Sobrinas (Nieces)

After a chaotic game of Hundir La Flota (Battleship) against the 12 year old, which I narrowly won, (I was so close to cheating) Lola left to take the 9 year old to ballet class.


“I’ll be back in 20 minutes. You gonna be OK with these two?” She motioned to the 12 year old and the 7 year old. They were sitting at our dining room table drawing and coloring and humming to themselves.

“It’s all under control.”

“Dejad de hablar en guachi-guachi,” (“Stop speaking in English,”)  said the 7 year old. 

“He entendido todo,” (“I understood everything,”)  said the 12 year old smugly.

I grabbed a book and flopped down on the sofa.

Thirty seconds later: “¡Oye! ¡Eso es mío!” (“Hey! That’s mine!”) The 12 year old started grabbing up all the colored pencils.

“Julia, deja tu hermana pequeña en paz.” (“Julia, leave your little sister alone.”)

Things calmed back down and I thought, This is gonna be a piece of cake. I could do this… I could be a father.

Then the 7 year old proclaimed, “¡Tengo que hacer pis!” (“I have to pee!”) and ran to the bathroom.

Not five seconds later she yelled, “Uh-oh!”

The 12 year old walked over and opened the bathroom door. “¡¿Pero, qué has hecho?!” (“But, what have you done?!”)
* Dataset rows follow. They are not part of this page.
Theorem mainTheorem7 (f g : R -> R) :
  VRD f ->
  (forall x : R, 0 < g x) ->
  (exists B : R, forall x : R, Rabs (g x) <= B) ->
  continuity g ->
  VRD (fun x => f x * g x).
Proof.
  intros [Hfpos Hf] Hg [B HB] Hgc; split.
  { intros x; apply Rmult_lt_0_compat; auto. }
  intros h Hs Hc eps Heps.
  assert (HgB : forall x, g x <= B) by (intros x; eapply Rle_trans; [apply Rle_abs | apply HB]).
  assert (HB0 : 0 < B) by (pose proof (Hg 0); pose proof (HgB 0); lra).
  destruct (inverse_weight_approx g h B Hg HgB Hgc (smooth_continuous h Hs) Hc (eps / 2))
    as [Q HQ]; [lra|].
  destruct (Hf (fun x => h x * poly_eval Q x) (smooth_mul_poly h Q Hs)
              (compact_support_mul_poly h Q Hc) (eps / (2 * B))) as [P HP].
  { apply Rdiv_lt_0_compat; lra. }
  exists P; intros x.
  replace (h x - f x * g x * poly_eval P x)
    with ((h x - g x * (h x * poly_eval Q x))
          + g x * (h x * poly_eval Q x - f x * poly_eval P x)) by ring.
  eapply Rle_trans; [apply Rabs_triang|].
  assert (Rabs (g x * (h x * poly_eval Q x - f x * poly_eval P x)) <= eps / 2).
  { rewrite Rabs_mult, Rabs_right by (left; apply Hg).
    apply Rle_trans with (B * (eps / (2 * B))); [|right; field; lra].
    apply Rmult_le_compat; [left; apply Hg | apply Rabs_pos | apply HgB | apply HP]. }
  pose proof (HQ x); lra.
Qed.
She ran into the living room and shouted, “¡Tío Kris, tienes que ver esto!” (“Uncle Kris, you have to see this!”)

I went over, opened the bathroom door, and there was the 7 year old, absolutely covered in pee. She didn’t make it to the toilet before her bladder decided enough was enough. The wet spot had defied gravity and the front of her dress, nearly up to her neck, was soaked.

I said, “¡No te muevas!” (“Don’t move!”) and did what any responsible uncle would do in that situation: I sent the 12 year old next door to ask her grandmother what the hell we should do.
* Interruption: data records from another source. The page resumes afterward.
(* The inner sum over k1 + k2 = k: each term is bounded via binomial_term_bound,
   and the two geometric tails in k1 and k - k1 each sum to at most r^3/(1-r). *)
Lemma inner_sum_bound alpha k a b : 1 < alpha -> (3 <= a)%nat -> (3 <= b)%nat ->
  let r := rpow 4 (- (alpha - 1)) in
  rsum (S k) (fun k1 => C k k1 * spow alpha (k1 + a) * spow alpha (k - k1 + b))
  <= spow alpha (k + (a + b)) / INR (a + b) * (2 * r ^ 3 / (1 - r)).
Proof.
intros Halpha Ha Hb r.
pose proof (decay_ratio_bounds alpha Halpha) as Hr. fold r in Hr.
set (K := spow alpha (k + (a + b)) / INR (a + b)).
assert (HK : 0 <= K) by (left; apply Rdiv_lt_0_compat; [apply spow_pos|apply lt_0_INR; lia]).
assert (Hr3 : 0 <= r ^ 3) by (apply pow_le; lra).
apply Rle_trans with (rsum (S k) (fun k1 => K * (r ^ 3 * r ^ k1 + r ^ 3 * r ^ (k - k1)))).
- apply rsum_le. intros k1 Hk1.
  eapply Rle_trans; [apply binomial_term_bound; (assumption || lia)|].
  apply Rmult_le_compat_l; [exact HK|].
  apply Rplus_le_compat; apply pow_shift_le; (lra || assumption).
- rewrite rsum_scal, rsum_plus, !rsum_scal.
  assert (Hreflect : rsum (S k) (fun j => r ^ (k - j)) = rsum (S k) (fun j => r ^ j))
    by exact (rsum_reflect (S k) (fun j => r ^ j)).
  rewrite Hreflect.
  pose proof (geometric_rsum_le r (S k) ltac:(lra)) as Hgeom.
  apply Rmult_le_compat_l; [exact HK|].
  replace (2 * r ^ 3 / (1 - r)) with (r ^ 3 * / (1 - r) + r ^ 3 * / (1 - r)) by (field; lra).
  apply Rplus_le_compat; apply Rmult_le_compat_l; assumption.
Qed.

(* For 1 <= t <= N: (10N + 10.3 - 10t)(10t + 0.3) >= 100 N, by concavity in t. *)
Lemma outer_weight_bound N t : 1 <= t <= N ->
  0 < 1 / ((10 * N + 103 / 10 - 10 * t) ^ 2 * (10 * t + 3 / 10) ^ 2)
  <= 1 / (10000 * N ^ 2).
Proof.
intros Ht.
assert (Hprod : 100 * N <= (10 * N + 103 / 10 - 10 * t) * (10 * t + 3 / 10)).
{ assert (0 <= (N - t) * (t - 1)) by (apply Rmult_le_pos; lra). nra. }
rewrite <- Rpow_mult_distr. unfold Rdiv. rewrite !Rmult_1_l. split.
- apply Rinv_0_lt_compat, pow_lt. nra.
- apply Rinv_le_contravar; [nra|]. replace (10000 * N ^ 2) with ((100 * N) ^ 2) by ring.
  apply pow_incr. lra.
Qed.

(* The final comparison of constants; it uses only N >= 1 and r^2 <= 1. *)
Lemma constants_bound N r p : 1 <= N -> 0 < r < 1 -> 0 < p ->
  N * (1 / (10000 * N ^ 2) * (p / (3 * (N + 1)) * (2 * r ^ 3 / (1 - r))))
  <= 5 / 100 * (2 * r) / (1 - r) * (p / (10 * N + 103 / 10) ^ 2).
Proof.
intros HN Hr Hp.
replace (N * (1 / (10000 * N ^ 2) * (p / (3 * (N + 1)) * (2 * r ^ 3 / (1 - r)))))
  with (p * r / (1 - r) * (r ^ 2 / (15000 * N * (N + 1)))) by (field; lra).
replace (5 / 100 * (2 * r) / (1 - r) * (p / (10 * N + 103 / 10) ^ 2))
  with (p * r / (1 - r) * (1 / (10 * (10 * N + 103 / 10) ^ 2))) by (field; lra).
apply Rmult_le_compat_l; [left; apply Rdiv_lt_0_compat; nra|].
apply Rle_trans with (1 / (15000 * N * (N + 1))).
- unfold Rdiv. apply Rmult_le_compat_r; [left; apply Rinv_0_lt_compat; nra|nra].
- unfold Rdiv. rewrite !Rmult_1_l. apply Rinv_le_contravar; nra.
Qed.

Lemma outer_term_bound alpha k n j : 1 < alpha -> (j < n)%nat ->
  let i := S j in
  let r := rpow 4 (- (alpha - 1)) in
  rsum (S k) (fun k1 => let k2 := (k - k1)%nat in
    1 / ((10 * INR n + 103 / 10 - 10 * INR i) ^ 2 * (10 * INR i + 3 / 10) ^ 2)
    * (INR (fact k) / (INR (fact k1) * INR (fact k2)))
    * spow alpha (k1 + 3 * (n + 1 - i))%nat
    * spow alpha (k2 + 3 * i)%nat)
  <= 1 / (10000 * INR n ^ 2)
     * (spow alpha (k + 3 * (n + 1))%nat / (3 * (INR n + 1)) * (2 * r ^ 3 / (1 - r))).
Proof.
intros Halpha Hj i r.
set (W := 1 / ((10 * INR n + 103 / 10 - 10 * INR i) ^ 2 * (10 * INR i + 3 / 10) ^ 2)).
assert (HW : 0 < W <= 1 / (10000 * INR n ^ 2)).
{ apply outer_weight_bound. split; [apply (le_INR 1)|apply le_INR]; unfold i; lia. }
rewrite (rsum_ext (S k) _
  (fun k1 => W * (C k k1 * spow alpha (k1 + 3 * (n + 1 - i)) * spow alpha (k - k1 + 3 * i))))
  by (intros; unfold C; ring).
rewrite rsum_scal.
pose proof (inner_sum_bound alpha k (3 * (n + 1 - i)) (3 * i) Halpha
  ltac:(unfold i; lia) ltac:(unfold i; lia)) as Hinner.
replace (3 * (n + 1 - i) + 3 * i)%nat with (3 * (n + 1))%nat in Hinner by (unfold i; lia).
replace (INR (3 * (n + 1))) with (3 * (INR n + 1)) in Hinner
  by (rewrite mult_INR, plus_INR; simpl; ring).
fold r in Hinner.
apply Rle_trans with (W * (spow alpha (k + 3 * (n + 1)) / (3 * (INR n + 1)) * (2 * r ^ 3 / (1 - r)))).
- apply Rmult_le_compat_l; [lra|exact Hinner].
- pose proof (decay_ratio_bounds alpha Halpha) as Hr. fold r in Hr.
  apply Rmult_le_compat_r; [|lra].
  assert (0 < r ^ 3) by (apply pow_lt; lra).
  left. apply Rmult_lt_0_compat; apply Rdiv_lt_0_compat; try nra.
  apply spow_pos. pose proof (pos_INR n). lra.
Qed.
Of course, the 12 year old is a 12 year old. So, from her grandmother’s front door to her grandmother’s living room she got distracted. Her attention was redirected to whatever was happening on the television, plus the fact that there were some cookies on a tray, and she forgot why she was sent over there in the first place.

After a couple of minutes her grandmother asked, “¿No deberías estar con tío Kris?” (“Aren’t you supposed to be next door with uncle Kris?”)

Then she remembered, “¡Pilu se ha hecho pis encima!” (“Pilu peed all over herself!”)

When she eventually came back over to our place I asked, “¿Qué ha dicho la abuela?” (“What did your grandmother say?”)

The 12 year old just shrugged and asked, “¿Por qué no tenéis tele o galletas en vuestra casa?” (“Why don’t you have a TV or cookies in your house?”)

“Así no venis a visitarnos.” (“So you kids won’t come over to visit us.”)

She stuck her tongue out at me and resumed drawing pictures at the dining room table.

I opened the bathroom door again. The 7 year old was sitting on the floor, naked, singing to herself. She looked up at me and made a goofy face.

“¿Me regalas esto?” (“Can I have this?”) She held up an old toothbrush that an overnight guest had left under the sink a couple of years ago.

“Todo tuya.” (“It’s all yours.”)

“¡Gracias!”  She was delighted.

I pointed my finger at her mock sternly. “¡No te muevas!”


best gift ever

I grabbed my phone and called Lola. She said she’d stop by her sister’s place and pick up some fresh clothes for the 7 year old on her way home. (Everything is within 10 minutes walking distance in this town. It’s great.)

Just as I was hanging up, my sister-in-law, Ana, arrived. She looks after the little mutants on a regular basis so she knew what to do. She wrapped the 7 year old in a big towel, threw the wet clothes in a plastic bag, and took the two of them next door to abuelita’s apartment where they could zombie out in front of the TV and eat junk food until their mother arrived. Meanwhile, I hit the sofa and got stuck back into my book, Gold Rush: The Journals, Drawings, & Other Papers of J. Goldsborough Bruff.

Moral of the story: Don’t leave your kids with tío Kris. He’s completely useless.